Pendant plusieurs années, Gabriel a airé dans les rues. Il gagnait sa vie en faisant des petits boulots, des tâches qui ne demandaient pas l’usage de la parole, sortir les chiens des vieilles dames, faire leurs courses, leur rendre service. En général, elles le trouvaient gentil et serviable, et c’est bien volontier qu’elles l’invitaient à leurs tables et lui offraient l’hospitalité. Gabriel acceptait parfois, surtout en hiver. Il ne voulait pas déranger. En été, il préférait dormir dehors, à la belle étoile, sur un banc, et surtout, sous un réverbère. Il passait des heures à les regarder, à les contempler. Avec le temps, il en avait appris tous les modèles, de toutes les formes et de toutes les couleurs. Il pouvait les situer, juger de leurs états et de leurs luminosités. À la nuit tombée, il escaladait parfois discretement les pieds de bronze pour redonner l’éclat aux parois de verre que le temps et la pollution rendaient ternes. C’était une obsession. Il ne pouvait expliquer cet amour qu’il portait aux réverbères. Il aimait leurs formes, leurs matières, leurs présences dans les rues, leurs places dans la ville.

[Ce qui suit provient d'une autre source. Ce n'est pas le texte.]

(* Consider the setting in the context. Let $\mathcal F=\{i_0,\dots,i_{\bar h-1}\}\subseteq[\bar n]$ be $\bar h$ distinct racks, $p\in[\bar h]$, and let $\widetilde{\mathbf{C}}$ be any codeword. (1) Let $b\in[1,u-v]$ and $\mathcal R\subseteq[\bar n]\setminus\mathcal F$ with $|\mathcal R|=\bar d$. For every $a\in[\bar s^{\bar n}]$ and $m\in[b]$, the quantities $\sum_{g=0}^{u-1}\theta^{gm}c^{(p+x)}_{i_pu+g,a}$ for $x\in[\bar s]$, and $H_{i_p,i}(a,m)$ for $i\in\mathcal F\setminus\{i_p\}$, are determined by (are linear functions of) the values $\{H_{i_p,j}(a',m): j\in\mathcal R,\ a'\in[\bar s^{\bar n}],\ m\in[b]\}$. (2) Let $b\in[u-v+1,u]$ and $\mathcal R'\subseteq[\bar n]\setminus\mathcal F$ with $|\mathcal R'|=\bar d+1$. For every $a\in[\bar s^{\bar n}]$ and $m\in[u-v,b)$, the quantities $\sum_{g=0}^{u-1}\theta^{gm}c^{(p+x)}_{i_pu+g,a}$ for $x\in[\bar s]$, and $H_{i_p,i}(a,m)$ for $i\in\mathcal F\setminus\{i_p\}$, are determined by (are linear functions of) the values $\{H_{i_p,j}(a',m): j\in\mathcal R',\ a'\in[\bar s^{\bar n}],\ m\in[u-v,b)\}$.
   Context: $[N]=\{0,\dots,N-1\}$. Integers: $\bar n,u\ge2$ (with $u>1$), $\bar k$, $0\le v<u$, $n=\bar nu$, $k=\bar ku+v$, $r=n-k$, $\bar r=\bar n-\bar k$ (so $r=\bar ru-v$); $\bar d,\bar h,\delta$ with $\delta\in[1,\bar h)$ and $\bar k\le\bar d\le\bar n-\bar h$; $\bar s=\bar d-\bar k+1$. $\mathbb{F}$ is a finite field with $|\mathbb{F}|\ge n\bar s+1$ containing an element $\theta$ of multiplicative order $u$; $\xi$ is a primitive element of $\mathbb{F}$ and $\lambda_{i,j}=\xi^{i\bar s+j}$ for $i\in[\bar n]$, $j\in[\bar s]$. For $a\in[\bar s^{\bar n}]$ write $a=\sum_{i}a_i\bar s^i$ with $a_i\in[\bar s]$, and let $a(i,j)$ denote the integer whose $\bar s$-ary digits equal those of $a$ except the $i$-th digit is $j$. The code $\widetilde{\mathbf{C}}$ consists of all arrays $(c^{(y)}_{iu+g,a})$ over $\mathbb{F}$, indexed by $i\in[\bar n]$, $g\in[u]$, $a\in[\bar s^{\bar n}]$, $y\in[\bar s+\bar h-\delta]$ (node $iu+g$ stores $(c^{(y)}_{iu+g,a})_{y,a}$, a vector of length $(\bar s+\bar h-\delta)\bar s^{\bar n}$), satisfying $\sum_{i=0}^{\bar n-1}\sum_{g=0}^{u-1}\theta^{gt}\lambda_{i,a_i}^t c^{(y)}_{iu+g,a}=0$ for all $t\in[r]$, $a\in[\bar s^{\bar n}]$, $y\in[\bar s+\bar h-\delta]$. For $p\in[\bar h]$, rack $j\in[\bar n]\setminus\{i_p\}$, $a\in[\bar s^{\bar n}]$ and integer $m$, define $H_{i_p,j}(a,m)=\sum_{x=0}^{\bar s-1}\sum_{g=0}^{u-1}\theta^{gm}c^{(p+x)}_{ju+g,\,a(i_p,\,a_{i_p}\oplus x)}$, where superscripts are taken modulo $\bar s+\bar h-\delta$ and $\oplus$ is addition modulo $\bar s$. *)

From HB Require Import structures.
From mathcomp Require Import all_boot all_order all_algebra all_field.
Set Implicit Arguments. Unset Strict Implicit. Unset Printing Implicit Defensive.
Import GRing.Theory.
Local Open Scope ring_scope.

Un soir d’hiver, alors qu’il s’improvisait électricien au service d’un luminaire qui avait rendu l’âme, sa concentration fut détournée par les phares d’une camionnette qui avait surgi derrière lui. Il n’avait pas osé se retourner mais il perçut que deux hommes étaient descendus du véhicule et s’étaient positionnés de part et d’autre. Terrifié, il continuait à fixer le pied de bronze. Il entendit le bruit d’une portière et les pas d’un troisième homme s’approcher. “Bonjour mon garçon… comment t’appelles-tu ?“. Gabriel, en tremblant, se retourna lentement. Il perçu l’ombre d’un homme assez petit mais imposant, aussi large que haut. “Comment t’appelles-tu ? N’aie pas peur, réponds-moi…“. L’homme fit un pas en avant et sorti de l’ombre. Il était vêtu d’un costume trois pièces, parfaitement coupé, rehaussé d’une cravate bordeaux d’une extrême finesse. “Tu aimes les réverbères n’est-ce pas ?“. Gabriel avait la bouche qui tremblait. Il réussit tout de même à sortir quelques mots. “Oui Monsieur… j’aime les réverbères… et… je m’appelle Gabriel“. Le gros Monsieur semblait heureux. Il lui souriait. “Bien, bien, excellent même !“. Il s’approcha soudain plus rapidement. La main tendue, il saisit celle de Gabriel et lui dit : “Et bien Gabriel ? Enchanté ! Vois-tu ces réverbères ? Ils sont tous à moi !“. Le jeune garçon redoubla de craintes. “Oui Monsieur, excusez-moi… je ne voulais pas…“. L’homme rond éclata d’un rire gras qui laissa sur son visage un large sourire. “Ne t’inquiète pas, je ne suis pas venu te tirer les oreilles, non, non…“. L’homme devint ensuite plus sérieux. Il fixa Gabriel un instant avant de lui dire avec une certaine tendresse : “Dis-moi Gabriel ? Voudrais-tu travailler pour moi ?“.